Qihoo 360 Technology Co. rose to the highest since November, leading a rally in U.S.-traded Chinese stocks as an $8.2 billion buyout offer from its top executive fueled speculation that other deals are in the works.
Qihoo, which develops security software and owns China’s second-largest search engine, jumped 6.2 percent to $70.15 in New York Wednesday. Trading volume of 13.5 million shares was more than 4 times the daily average of the past three months. The stock contributed the most to a 1.6 percent gain in the Bloomberg China-US Index as Xunlei Ltd. and SouFun Holdings Ltd., which some analysts have identified as potential buyout targets, each rallied at least 9 percent.

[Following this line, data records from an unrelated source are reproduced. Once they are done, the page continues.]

(* The greedy algorithm Degree (with $r=1$) is not an approximation algorithm for Minimum Congestion Dominating Set: for every real $c\ge 1$ there exist a graph $G$ and an execution of Degree on $G$ (i.e., a choice of tie-breaking) whose output $D$ satisfies $\overline{\mathrm{cong}}(D)>c\cdot\mathrm{mac}(G)$. In fact, for every $k\ge 2$, on the graph obtained from the complete bipartite graph $K_{k,k}$ with sides $A,B$ by attaching one pendant leaf to each vertex of $A\cup B$ (so $n=4k$), some execution outputs $D=A\cup B$ with $\overline{\mathrm{cong}}(D)=n/8+1$, while $\mathrm{mac}(G)=1$.
   Context: For $r=1$: a dominating set of $G=(V,E)$ is $D\subseteq V$ with $N[D]=V$ ($N[\cdot]$ closed neighborhood). The average congestion of $S$ is $\overline{\mathrm{cong}}(S)=\frac{1}{|V|}\sum_{x\in V}|N[x]\cap S|$ and $\mathrm{mac}(G)$ is its minimum over dominating sets. The algorithm Degree starts with $D=\emptyset$ and, while $N[D]\ne V$, adds to $D$ a vertex $v$ maximizing $|N[v]\setminus N[D]|$, breaking ties arbitrarily; it outputs $D$. *)

From HB Require Import structures.
From mathcomp Require Import all_boot all_order all_algebra.
From mathcomp Require Import reals.
Set Implicit Arguments. Unset Strict Implicit. Unset Printing Implicit Defensive.
Import Order.TTheory GRing.Theory Num.Theory.
Local Open Scope ring_scope.

Section Graphs.
Variable T : finType.
Variable e : rel T.

Definition Nc (x : T) : {set T} := [set y | (y == x) || e x y].
Definition NS (S : {set T}) : {set T} := \bigcup_(x in S) Nc x.

Definition dominating (D : {set T}) : bool := NS D == [set: T].

Definition cong (S : {set T}) : rat :=
  (#|T|%:R)^-1 * \sum_(x : T) (#|Nc x :&: S|)%:R.

(* mac(G): minimum average congestion over dominating sets
   ([set: T] is always dominating, so it serves as the neutral start). *)
Definition mac : rat :=
  \big[Num.min/cong [set: T]]_(S : {set T} | dominating S) cong S.

Definition gain (D : {set T}) (v : T) : nat := #|Nc v :\: NS D|.

(* s is the sequence of vertices picked by some execution of Degree
   (some tie-breaking): at each step the current set is not dominating and the
   chosen vertex maximizes the gain; at the end the set is dominating. *)
Definition degree_execution (s : seq T) : Prop :=
  (forall (p q : seq T) (v : T), s = p ++ v :: q ->
     ~~ dominating [set x in p] /\
     forall w : T, (gain [set x in p] w <= gain [set x in p] v)%N)
  /\ dominating [set x in s].

Definition degree_output (s : seq T) : {set T} := [set x in s].
End Graphs.

(* K_{k,k} with sides A = {((i,false),false)} and B = {((i,true),false)},
   plus a pendant leaf ((i,b),true) attached to each vertex ((i,b),false). *)
Definition kkl_vertex (k : nat) : finType := (('I_k * bool) * bool)%type.

Definition kkl_edge (k : nat) : rel (kkl_vertex k) :=
  fun u v =>
    [|| [&& ~~ u.2, ~~ v.2 & u.1.2 != v.1.2]
      | (u.1 == v.1) && (u.2 != v.2)].

Definition kkl_core (k : nat) : {set kkl_vertex k} := [set v | ~~ v.2].

From HB Require Import structures.
From mathcomp Require Import all_boot all_order all_algebra.
From mathcomp Require Import reals ring lra zify.
Set Implicit Arguments. Unset Strict Implicit. Unset Printing Implicit Defensive.
Import Order.TTheory GRing.Theory Num.Theory.
Local Open Scope ring_scope.

(* On K_{k,k} with a pendant leaf at every core vertex, Degree may first pick a
   core vertex a0 (gain k+2, the maximum), then any vertex b0 of the other side
   (gain k, tied with the rest of that side since k >= 2).  From then on the
   whole core is covered, so every vertex has gain at most 1, while each core
   vertex not yet chosen still has gain 1 through its own leaf: the ties let
   Degree pick the entire core.  Every core vertex sees k+1 core vertices and
   every leaf sees one, so the core has average congestion (k+2)/2 = n/8 + 1.
   The leaves, by contrast, dominate with congestion exactly 1, which is a lower
   bound for any dominating set.  Letting k grow defeats every ratio c. *)

Section Domination.
Variables (T : finType) (e : rel T).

An investor group led by Hongyi Zhou, Qihoo’s chairman and chief executive officer, proposed to pay $77 per American depositary receipt to buy all the outstanding stock, a 17 percent premium over Tuesday’s closing price. The offer was the biggest ever for a U.S.-traded Chinese Internet company, according to data compiled by Bloomberg. The shares are still trading 42 percent below the record high reached in March 2014.
“Qihoo has dropped dramatically, and it’s a good time to take it private,” Gabriel Wallach, founder of North Grove Capital LLC in Boston which invests in Chinese stocks, said by phone Wednesday. “The sector in general has been out of favor in the U.S. The interest in these laggards is price-related instead of strategic, besides the potential of re-listing in China with a higher multiple.”
SouFun, a real-estate information website, jumped 9.1 percent to $9.75. Xunlei Ltd., which provides video download services, surged 11 percent to $13.48. A record 16 companies have received bids to take them private this quarter, stoking speculation more firms will join the queue.
The investor group bidding for Qihoo also includes Citic Securities Co., Golden Brick Capital, China Renaissance Holdings and Sequoia Capital, Beijing-based Qihoo said in a statement.
Qihoo and SouFun have the best chances of going private, 86Research Ltd., which tracks U.S.-traded Chinese companies, said in a note dated June 12. Analysts at China International Capital Corp. also included SouFun and Xunlei on its list of likely names that will seek to go private in a note last week.
E-Commerce China Dangdang, Inc., a web-based retailer, jumped 13 percent to a six-month high of $11.48. Jumei International Holding Ltd., which sells beauty products online, climbed 9.5 percent to $24.97.